EXERCISE DETAILS: Show, in full, each line of the data that contains "closedS".

Saved entries
Lemma minimal_dominating_preimset (E : {set vertex H}) :
  minimal_dominating E -> minimal_dominating (f @^-1: E).
Proof.
case/minimal_dominatingP => domE minE; apply/minimal_dominatingP.
split=> [|B domB sBE]; first by rewrite dominating_preimset.
have gBE : g @^-1: B \subset E.
  by apply/subsetP => x; rewrite inE => /(subsetP sBE); rewrite inE gK.
have fgB : f @^-1: (g @^-1: B) = B by apply/setP => x; rewrite !inE fK.
have domgB : dominating (g @^-1: B) by rewrite -dominating_preimset fgB.
by rewrite -fgB (minE _ domgB gBE).
Qed.

End Transport.

Lemma well_dominated_iso (G H : sgraph) :
  isomorphic G H -> well_dominated G -> well_dominated H.
Proof.
case=> f [[g fK gK] f_adj] wdG D minD D' domD'.
have card_pre (E : {set vertex H}) : #|f @^-1: E| = #|E|.
  by apply: on_card_preimset; apply: onW_bij; exists g.
rewrite -card_pre -(card_pre D').
apply: wdG; first exact: (minimal_dominating_preimset fK gK f_adj).
by rewrite (dominating_preimset gK f_adj).
Qed.

Lemma connected_closed_setT (X : sgraph) (S : {set vertex X}) (x : vertex X) :
  connected X -> x \in S -> (forall u w, u \in S -> adj u w -> w \in S) ->
  S = [set: vertex X].
Proof.
move=> connX xS closedS; apply/setP => y; rewrite inE.
case/connectP: (connX x y) => p + ->.
by elim: p x xS => //= z p IHp x xS /andP[xz]; apply/IHp/(closedS x).
Qed.

Lemma connected_neighbor (X : sgraph) : connected X -> 1 < #|vertex X| ->
  forall x : vertex X, exists y, adj x y.
Proof.
move=> connX /card_gt1P[a [b [_ _ neq_ab]]] x.
have [y neq_xy] : exists y, x != y.
  by case: (eqVneq x a) => [->|]; [exists b | exists a].
case/connectP: (connX x y) => -[/= _ ey|z p /= /andP[xz _] _]; last by exists z.
by rewrite ey eqxx in neq_xy.
Qed.

Lemma pendant_edge_card (X : sgraph) (x y : vertex X) : connected X ->
  nbhd x = [set y] -> nbhd y = [set x] -> #|vertex X| <= 2.
Proof.
move=> connX Nx Ny; rewrite -cardsT -(@connected_closed_setT _ [set x; y] x) //.
- by rewrite cards2; case: (x != y).
- exact: set21.
move=> u w /set2P[] -> uw; rewrite -in_nbhd ?Nx ?Ny in uw;
  by rewrite (set1P uw) !inE eqxx ?orbT.
Qed.

Lemma complete_of_card2 (X : sgraph) : connected X -> #|vertex X| = 2 -> complete X.
Proof.
move=> connX cardX a b neq_ab.
have [t at'] := connected_neighbor connX (ltac:(by rewrite cardX)) a.
have [<-//|neq_tb] := eqVneq t b.
suff : 2 < #|vertex X| by rewrite cardX.
apply/card_gt2P; exists t, a, b; split=> //.
by split; [rewrite eq_sym; exact: adj_neq | | rewrite eq_sym].
Qed.

Lemma exists_non_support_vertex (X : sgraph) : connected X -> 2 < #|vertex X| ->
  exists v : vertex X, forall y, exists2 t, adj y t & t != v.
Proof.
move=> connX gt2_X; have gt1_X := ltnW gt2_X.
pose avoidable (v : vertex X) := [forall y, [exists t, adj y t && (t != v)]].
case: (pickP avoidable) => [v /forallP good|bad].
  by exists v => y; have /existsP[t /andP[]] := good y; exists t.
have pendant (v : vertex X) : exists y, nbhd y = [set v].
  have /forallPn[y /existsPn no_other] := negbT (bad v).
  have only_v t : adj y t -> t = v by move=> yt; move: (no_other t); rewrite yt negbK => /eqP.
  have [t yt] := connected_neighbor connX gt1_X y.
  exists y; apply/setP => z; rewrite in_nbhd inE.
  by apply/idP/eqP => [/only_v | ->] //; rewrite -(only_v t yt).
have /card_gt0P[v0 _] : 0 < #|vertex X| by apply: ltnW.
have [y0 N_y0] := pendant v0; have [y1 N_y1] := pendant y0.
have y1_v0 : y1 = v0.
  by apply/set1P; rewrite -N_y0 in_nbhd adj_sym -in_nbhd N_y1 set11.
move: gt2_X; rewrite ltnNge (pendant_edge_card connX N_y0) //.
by rewrite -y1_v0.
Qed.

Lemma complete_of_locally_complete (X : sgraph) : connected X ->
  (forall x a b : vertex X, adj x a -> adj x b -> a != b -> adj a b) -> complete X.
Proof.
move=> connX loc a b neq_ab.
have closed : forall u w, u \in a |: nbhd a -> adj u w -> w \in a |: nbhd a.
  move=> u w /setU1P[-> aw | au uw]; first by rewrite !inE aw orbT.
  rewrite !inE in au *; have [//|neq_wa] /= := eqVneq w a.
  by apply: (loc u); [rewrite adj_sym | | rewrite eq_sym].
have := connected_closed_setT connX (setU11 a _) closed.
by move/setP/(_ b); rewrite !inE eq_sym (negbTE neq_ab).
Qed.

(** * The three well-dominated products *)

(* [X] is a disjoint union of rook's graphs on [R * R], one per [k : C]: the closed
   neighbourhood of [v] is the row and the column of [v] in its component.
   A dominating set must cover all rows or all columns of each component. *)
Lemma rook_well_dominated (X : sgraph) (C R : finType)
    (comp : vertex X -> C) (row col : vertex X -> R) :
  (forall u v, (u == v) || adj u v
               = (comp u == comp v) && ((row u == row v) || (col u == col v))) ->
  (forall k i j, exists v, [&& comp v == k, row v == i & col v == j]) ->
  well_dominated X.
Proof.
move=> closed_adj onto.
pose covers_rows (D : {set vertex X}) k :=
  [forall i, [exists u in D, (comp u == k) && (row u == i)]].
pose block (D : {set vertex X}) w :=
  (comp w, if covers_rows D (comp w) then row w else col w).
apply: (@well_dominated_clique_cover _ _ block) => [D u v [eq_comp] | D domD [k i]].
  by rewrite closed_adj eq_comp eqxx; case: ifP => _ ->; rewrite eqxx ?orbT.
have [cov|ncov] := boolP (covers_rows D k).
  have /exists_inP[u uD /andP[/eqP uk /eqP ui]] := forallP cov i.
  by exists u => //; rewrite /block uk cov ui.
have /forallPn[i0 /exists_inPn no_i0] := ncov.
have [v /and3P[/eqP vk /eqP vi0 /eqP vi]] := onto k i0 i.
have [u uD uv] : exists2 u, u \in D & (u == v) || adj u v.
  case: (dominatingP domD v) => [vD|[u uD uv]]; first by exists v; rewrite ?eqxx.
  by exists u; rewrite ?uv ?orbT.
rewrite closed_adj vk vi0 vi in uv; case/andP: uv => /eqP uk /orP[/eqP ui0|/eqP ui].
  by have := no_i0 u uD; rewrite uk ui0 !eqxx.
by exists u => //; rewrite /block uk (negbTE ncov) ui.
Qed.

(* [K 3 × K 3] is the rook's graph [K 3 □ K 3], with rows and columns read mod 3. *)
Lemma well_dominated_K3K3 : well_dominated (dprod_graph (K 3) (K 3)).
Proof.
pose mod3 n : 'I_3 := Ordinal (ltn_pmod n (isT : 0 < 3)).
apply: (@rook_well_dominated (dprod_graph (K 3) (K 3)) unit 'I_3 (fun _ => tt)
  (fun w => mod3 (w.1 + 2 * w.2)) (fun w => mod3 (w.1 + w.2))).
  by move=> [[[|[|[|?]]] ?] [[|[|[|?]]] ?]] [[[|[|[|?]]] ?] [[|[|[|?]]] ?]].
move=> [] i j; exists (mod3 (2 * (i + j)), mod3 (2 * j + i)).
by case: i => [[|[|[|?]]] ?]; case: j => [[|[|[|?]]] ?].
Qed.

(* [K 2 × C 4] is two disjoint copies of the rook's graph [K 2 □ K 2]. *)
Lemma well_dominated_K2C4 : well_dominated (dprod_graph (K 2) C4).
Proof.
pose mod2 n : 'I_2 := Ordinal (ltn_pmod n (isT : 0 < 2)).
apply: (@rook_well_dominated (dprod_graph (K 2) C4) 'I_2 'I_2 (fun w => mod2 (w.1 + w.2))
  (fun w => mod2 (w.2 %/ 2)) (fun w => mod2 (w.1 + w.2 %/ 2))).
  by move=> [[[|[|?]] ?] [[|[|[|[|?]]]] ?]] [[[|[|?]] ?] [[|[|[|[|?]]]] ?]].
move=> k i j; pose mod4 n : 'I_4 := Ordinal (ltn_pmod n (isT : 0 < 4)).
exists (mod2 (i + j), mod4 (2 * i + (k + i + j) %% 2)).
by case: k => [[|[|?]] ?]; case: i => [[|[|?]] ?]; case: j => [[|[|?]] ?].
Qed.

Lemma neq_rev_ord2 (i j : 'I_2) : (i != j) = (j == rev_ord i).
Proof. by case: i => [[|[|?]] ?]; case: j => [[|[|?]] ?]. Qed.

Lemma adj_K2l (H : sgraph) (i j : 'I_2) (x y : vertex H) :
  @adj (dprod_graph (K 2) H) (i, x) (j, y) = (j == rev_ord i) && adj x y.
Proof. by rewrite /= /dprod_adj /= /K_adj neq_rev_ord2. Qed.

(* The blocks are the pendant edges [(i, u) -- (rev_ord i, u')]; a dominating set
   meets each of them because it dominates the pendant vertex. *)
Lemma well_dominated_K2_corona (F : sgraph) :
  well_dominated (dprod_graph (K 2) (corona F)).
Proof.
pose block (_ : {set 'I_2 * (vertex F + vertex F)}) (w : 'I_2 * (vertex F + vertex F)) :=
  match w.2 with inl u => (w.1, u) | inr u => (rev_ord w.1, u) end.
apply: (@well_dominated_clique_cover (dprod_graph (K 2) (corona F)) _ block).
  move=> D [i [a|a]] [j [b|b]] /eqP; rewrite adj_K2l /block /= xpair_eqE.
  - by case/andP=> /eqP -> /eqP ->; rewrite eqxx.
  - by case/andP=> /eqP -> /eqP ->; rewrite rev_ordK !eqxx orbT.
  - by case/andP=> /eqP <- /eqP ->; rewrite !eqxx orbT.
  - by case/andP=> /eqP/(inv_inj rev_ordK) -> /eqP ->; rewrite eqxx.
move=> D domD [i u]; case: (dominatingP domD (rev_ord i, inr u)) => [leafD|[[j w] wD]].
  by exists (rev_ord i, inr u) => //; rewrite /block /= rev_ordK.
rewrite adj_K2l; case: w wD => w wD /andP[/eqP ij] //= /eqP wu.
by exists (j, inl w) => //; rewrite /block /= wu (inv_inj rev_ordK ij).
Qed.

TASK ANSWER:
move=> connX xS closedS; apply/setP => y; rewrite inE.
by elim: p x xS => //= z p IHp x xS /andP[xz]; apply/IHp/(closedS x).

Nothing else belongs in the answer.